### What the exercise asks
Extract, without alteration, each line from the start of the listing to the line bearing "sum_j r_j = p, whence".
▼
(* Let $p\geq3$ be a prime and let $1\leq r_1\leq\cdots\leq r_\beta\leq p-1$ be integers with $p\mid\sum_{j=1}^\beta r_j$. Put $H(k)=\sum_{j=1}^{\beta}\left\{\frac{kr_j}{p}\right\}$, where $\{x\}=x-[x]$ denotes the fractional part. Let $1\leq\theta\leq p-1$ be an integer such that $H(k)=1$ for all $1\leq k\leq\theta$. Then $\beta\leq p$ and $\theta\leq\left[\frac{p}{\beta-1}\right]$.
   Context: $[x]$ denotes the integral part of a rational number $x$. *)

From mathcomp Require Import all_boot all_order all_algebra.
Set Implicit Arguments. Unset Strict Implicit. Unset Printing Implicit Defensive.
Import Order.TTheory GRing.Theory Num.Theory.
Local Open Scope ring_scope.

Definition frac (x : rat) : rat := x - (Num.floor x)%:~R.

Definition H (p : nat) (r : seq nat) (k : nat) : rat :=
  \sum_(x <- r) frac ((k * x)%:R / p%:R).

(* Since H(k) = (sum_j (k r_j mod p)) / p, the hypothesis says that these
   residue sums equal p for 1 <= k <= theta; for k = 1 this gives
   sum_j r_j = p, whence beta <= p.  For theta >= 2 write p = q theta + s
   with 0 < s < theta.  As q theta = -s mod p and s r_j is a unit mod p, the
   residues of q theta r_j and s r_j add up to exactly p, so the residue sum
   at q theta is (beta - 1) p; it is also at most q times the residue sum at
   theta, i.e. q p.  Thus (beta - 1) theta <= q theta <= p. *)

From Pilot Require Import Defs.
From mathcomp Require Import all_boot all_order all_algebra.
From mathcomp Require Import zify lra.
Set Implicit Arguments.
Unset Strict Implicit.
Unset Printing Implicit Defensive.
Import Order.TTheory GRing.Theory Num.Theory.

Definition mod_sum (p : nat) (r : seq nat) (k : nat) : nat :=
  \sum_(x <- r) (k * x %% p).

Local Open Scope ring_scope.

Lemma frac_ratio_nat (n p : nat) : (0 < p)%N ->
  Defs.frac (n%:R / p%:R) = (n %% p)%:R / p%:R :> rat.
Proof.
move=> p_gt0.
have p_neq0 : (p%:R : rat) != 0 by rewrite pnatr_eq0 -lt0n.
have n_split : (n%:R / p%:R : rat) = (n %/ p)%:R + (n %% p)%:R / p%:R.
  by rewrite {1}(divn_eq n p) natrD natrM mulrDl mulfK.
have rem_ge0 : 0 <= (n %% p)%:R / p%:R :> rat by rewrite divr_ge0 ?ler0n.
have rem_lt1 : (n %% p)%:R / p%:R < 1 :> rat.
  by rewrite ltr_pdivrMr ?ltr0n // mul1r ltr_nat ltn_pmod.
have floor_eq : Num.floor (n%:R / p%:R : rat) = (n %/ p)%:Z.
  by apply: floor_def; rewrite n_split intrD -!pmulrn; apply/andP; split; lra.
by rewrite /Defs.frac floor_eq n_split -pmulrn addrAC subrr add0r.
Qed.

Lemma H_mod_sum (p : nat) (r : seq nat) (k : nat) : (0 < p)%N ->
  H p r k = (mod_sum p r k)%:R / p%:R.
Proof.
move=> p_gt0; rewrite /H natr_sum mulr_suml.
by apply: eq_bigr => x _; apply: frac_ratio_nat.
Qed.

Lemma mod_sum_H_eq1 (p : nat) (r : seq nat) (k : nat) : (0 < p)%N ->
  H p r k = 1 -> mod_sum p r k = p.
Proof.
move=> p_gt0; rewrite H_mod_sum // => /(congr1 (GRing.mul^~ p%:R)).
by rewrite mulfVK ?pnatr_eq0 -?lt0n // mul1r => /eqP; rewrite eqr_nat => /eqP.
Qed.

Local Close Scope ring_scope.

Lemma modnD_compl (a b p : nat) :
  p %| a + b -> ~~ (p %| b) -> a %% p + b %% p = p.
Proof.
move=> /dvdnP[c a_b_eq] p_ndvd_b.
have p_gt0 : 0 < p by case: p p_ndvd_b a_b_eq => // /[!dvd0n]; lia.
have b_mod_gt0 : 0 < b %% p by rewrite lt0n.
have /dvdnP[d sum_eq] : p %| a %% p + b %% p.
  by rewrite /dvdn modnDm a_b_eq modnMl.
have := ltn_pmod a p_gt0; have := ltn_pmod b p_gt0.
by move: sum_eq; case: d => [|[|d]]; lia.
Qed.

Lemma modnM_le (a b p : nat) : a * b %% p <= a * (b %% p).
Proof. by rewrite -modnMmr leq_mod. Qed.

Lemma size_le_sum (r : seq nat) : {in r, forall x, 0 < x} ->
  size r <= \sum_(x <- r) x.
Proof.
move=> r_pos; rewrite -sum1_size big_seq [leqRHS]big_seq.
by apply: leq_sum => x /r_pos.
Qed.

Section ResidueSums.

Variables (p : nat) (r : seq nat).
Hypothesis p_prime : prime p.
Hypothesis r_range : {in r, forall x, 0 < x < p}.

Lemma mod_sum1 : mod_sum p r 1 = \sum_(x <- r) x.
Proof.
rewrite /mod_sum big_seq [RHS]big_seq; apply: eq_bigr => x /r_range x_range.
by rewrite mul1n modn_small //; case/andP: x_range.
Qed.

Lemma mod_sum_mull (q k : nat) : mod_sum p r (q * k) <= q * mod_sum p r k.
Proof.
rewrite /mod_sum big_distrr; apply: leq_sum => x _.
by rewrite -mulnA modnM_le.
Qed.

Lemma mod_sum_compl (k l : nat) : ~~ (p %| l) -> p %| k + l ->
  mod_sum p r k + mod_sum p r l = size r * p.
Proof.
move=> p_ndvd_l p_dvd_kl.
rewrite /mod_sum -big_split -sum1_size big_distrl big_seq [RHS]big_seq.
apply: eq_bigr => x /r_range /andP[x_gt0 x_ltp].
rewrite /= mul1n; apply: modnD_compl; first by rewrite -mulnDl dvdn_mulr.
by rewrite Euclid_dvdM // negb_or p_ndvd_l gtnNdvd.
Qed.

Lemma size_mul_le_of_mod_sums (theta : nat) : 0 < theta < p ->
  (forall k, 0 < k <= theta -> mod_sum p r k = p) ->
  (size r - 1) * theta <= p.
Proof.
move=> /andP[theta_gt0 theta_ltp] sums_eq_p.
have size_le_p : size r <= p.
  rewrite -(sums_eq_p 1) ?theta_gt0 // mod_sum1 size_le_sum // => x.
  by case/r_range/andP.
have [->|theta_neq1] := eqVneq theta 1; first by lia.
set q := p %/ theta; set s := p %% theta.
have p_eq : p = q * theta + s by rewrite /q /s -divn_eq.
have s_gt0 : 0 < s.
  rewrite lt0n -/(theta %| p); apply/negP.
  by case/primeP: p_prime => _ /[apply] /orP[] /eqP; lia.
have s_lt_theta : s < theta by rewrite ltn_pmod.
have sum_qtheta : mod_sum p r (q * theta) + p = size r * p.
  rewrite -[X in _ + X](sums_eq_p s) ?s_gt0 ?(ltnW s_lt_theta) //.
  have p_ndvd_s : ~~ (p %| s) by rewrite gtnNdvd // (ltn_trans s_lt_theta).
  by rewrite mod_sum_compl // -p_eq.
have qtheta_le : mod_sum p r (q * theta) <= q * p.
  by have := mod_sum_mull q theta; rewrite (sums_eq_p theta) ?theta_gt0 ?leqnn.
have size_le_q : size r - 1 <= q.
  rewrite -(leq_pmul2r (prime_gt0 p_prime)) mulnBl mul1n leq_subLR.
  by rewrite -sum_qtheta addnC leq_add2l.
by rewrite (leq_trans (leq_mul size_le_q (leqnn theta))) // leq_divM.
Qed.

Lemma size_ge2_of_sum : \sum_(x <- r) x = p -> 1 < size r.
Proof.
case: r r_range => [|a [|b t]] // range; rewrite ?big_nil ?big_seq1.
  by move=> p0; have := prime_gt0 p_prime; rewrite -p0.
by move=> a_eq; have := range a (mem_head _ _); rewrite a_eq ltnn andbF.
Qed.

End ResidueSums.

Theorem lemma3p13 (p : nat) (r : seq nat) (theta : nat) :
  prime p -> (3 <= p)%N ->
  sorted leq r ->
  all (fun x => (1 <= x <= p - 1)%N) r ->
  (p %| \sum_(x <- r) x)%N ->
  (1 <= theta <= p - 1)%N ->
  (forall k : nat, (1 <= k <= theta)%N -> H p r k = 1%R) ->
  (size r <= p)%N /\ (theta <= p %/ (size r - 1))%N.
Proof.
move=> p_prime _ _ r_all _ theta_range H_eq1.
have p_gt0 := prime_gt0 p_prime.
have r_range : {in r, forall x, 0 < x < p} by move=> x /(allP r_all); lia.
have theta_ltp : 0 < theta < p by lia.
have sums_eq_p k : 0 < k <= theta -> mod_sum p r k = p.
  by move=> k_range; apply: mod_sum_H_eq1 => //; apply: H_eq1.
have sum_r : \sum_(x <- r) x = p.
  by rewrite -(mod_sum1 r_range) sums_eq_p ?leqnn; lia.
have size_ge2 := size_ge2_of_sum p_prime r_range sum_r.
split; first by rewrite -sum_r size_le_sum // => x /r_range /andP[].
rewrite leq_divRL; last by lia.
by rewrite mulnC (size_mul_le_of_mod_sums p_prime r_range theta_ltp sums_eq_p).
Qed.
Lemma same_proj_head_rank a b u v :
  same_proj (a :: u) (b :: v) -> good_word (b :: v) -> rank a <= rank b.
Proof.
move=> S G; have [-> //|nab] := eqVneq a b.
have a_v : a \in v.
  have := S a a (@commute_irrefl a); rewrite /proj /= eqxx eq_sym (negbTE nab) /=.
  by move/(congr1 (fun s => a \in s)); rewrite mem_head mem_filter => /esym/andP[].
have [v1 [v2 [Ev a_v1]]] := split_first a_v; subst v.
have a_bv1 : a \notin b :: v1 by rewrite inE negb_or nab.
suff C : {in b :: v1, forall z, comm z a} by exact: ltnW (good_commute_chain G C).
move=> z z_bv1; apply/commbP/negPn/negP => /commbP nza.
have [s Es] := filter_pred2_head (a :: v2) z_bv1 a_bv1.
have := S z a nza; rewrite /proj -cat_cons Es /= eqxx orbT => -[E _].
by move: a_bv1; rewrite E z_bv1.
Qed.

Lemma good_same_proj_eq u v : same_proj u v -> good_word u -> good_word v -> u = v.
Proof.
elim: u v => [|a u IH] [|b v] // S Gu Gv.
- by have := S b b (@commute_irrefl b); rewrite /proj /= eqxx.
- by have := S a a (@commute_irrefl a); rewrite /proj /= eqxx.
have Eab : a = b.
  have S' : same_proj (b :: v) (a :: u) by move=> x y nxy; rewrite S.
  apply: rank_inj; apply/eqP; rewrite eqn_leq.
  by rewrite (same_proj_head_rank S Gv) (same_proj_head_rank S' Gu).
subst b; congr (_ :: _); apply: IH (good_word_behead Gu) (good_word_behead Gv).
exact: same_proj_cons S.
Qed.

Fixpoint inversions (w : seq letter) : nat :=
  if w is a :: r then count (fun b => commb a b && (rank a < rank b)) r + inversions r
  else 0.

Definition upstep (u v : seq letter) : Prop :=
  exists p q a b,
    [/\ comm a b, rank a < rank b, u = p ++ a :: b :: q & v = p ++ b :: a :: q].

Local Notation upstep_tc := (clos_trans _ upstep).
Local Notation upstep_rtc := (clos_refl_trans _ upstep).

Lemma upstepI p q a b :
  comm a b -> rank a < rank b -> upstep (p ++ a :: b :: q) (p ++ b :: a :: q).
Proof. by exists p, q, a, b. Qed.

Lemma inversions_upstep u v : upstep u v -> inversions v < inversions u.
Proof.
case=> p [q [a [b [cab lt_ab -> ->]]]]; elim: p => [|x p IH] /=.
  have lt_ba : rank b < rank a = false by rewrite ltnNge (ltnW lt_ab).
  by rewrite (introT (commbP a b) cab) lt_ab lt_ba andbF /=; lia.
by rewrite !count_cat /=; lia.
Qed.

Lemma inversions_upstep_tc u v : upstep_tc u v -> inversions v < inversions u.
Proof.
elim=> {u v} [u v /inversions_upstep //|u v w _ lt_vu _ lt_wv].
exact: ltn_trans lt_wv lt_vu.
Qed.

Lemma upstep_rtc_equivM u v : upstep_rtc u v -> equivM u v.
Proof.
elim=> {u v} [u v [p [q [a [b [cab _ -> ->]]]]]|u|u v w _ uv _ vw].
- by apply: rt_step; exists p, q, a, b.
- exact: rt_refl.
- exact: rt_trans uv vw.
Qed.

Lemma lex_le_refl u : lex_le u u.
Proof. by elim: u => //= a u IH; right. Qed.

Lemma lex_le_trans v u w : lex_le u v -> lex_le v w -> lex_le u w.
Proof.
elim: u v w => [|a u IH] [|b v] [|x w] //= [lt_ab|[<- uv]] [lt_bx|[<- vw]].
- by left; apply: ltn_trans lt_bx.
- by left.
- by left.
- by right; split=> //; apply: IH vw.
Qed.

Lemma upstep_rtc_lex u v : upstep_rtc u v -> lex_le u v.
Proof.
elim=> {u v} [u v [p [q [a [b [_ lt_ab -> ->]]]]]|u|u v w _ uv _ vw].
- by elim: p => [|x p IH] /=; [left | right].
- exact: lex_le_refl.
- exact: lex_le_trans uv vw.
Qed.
▲
### Task solution
(* Let $p\geq3$ be a prime and let $1\leq r_1\leq\cdots\leq r_\beta\leq p-1$ be integers with $p\mid\sum_{j=1}^\beta r_j$. Put $H(k)=\sum_{j=1}^{\beta}\left\{\frac{kr_j}{p}\right\}$, where $\{x\}=x-[x]$ denotes the fractional part. Let $1\leq\theta\leq p-1$ be an integer such that $H(k)=1$ for all $1\leq k\leq\theta$. Then $\beta\leq p$ and $\theta\leq\left[\frac{p}{\beta-1}\right]$.
   Context: $[x]$ denotes the integral part of a rational number $x$. *)

From mathcomp Require Import all_boot all_order all_algebra.
Set Implicit Arguments. Unset Strict Implicit. Unset Printing Implicit Defensive.
Import Order.TTheory GRing.Theory Num.Theory.
Local Open Scope ring_scope.

Definition frac (x : rat) : rat := x - (Num.floor x)%:~R.

Definition H (p : nat) (r : seq nat) (k : nat) : rat :=
  \sum_(x <- r) frac ((k * x)%:R / p%:R).

(* Since H(k) = (sum_j (k r_j mod p)) / p, the hypothesis says that these
   residue sums equal p for 1 <= k <= theta; for k = 1 this gives
   sum_j r_j = p, whence beta <= p.  For theta >= 2 write p = q theta + s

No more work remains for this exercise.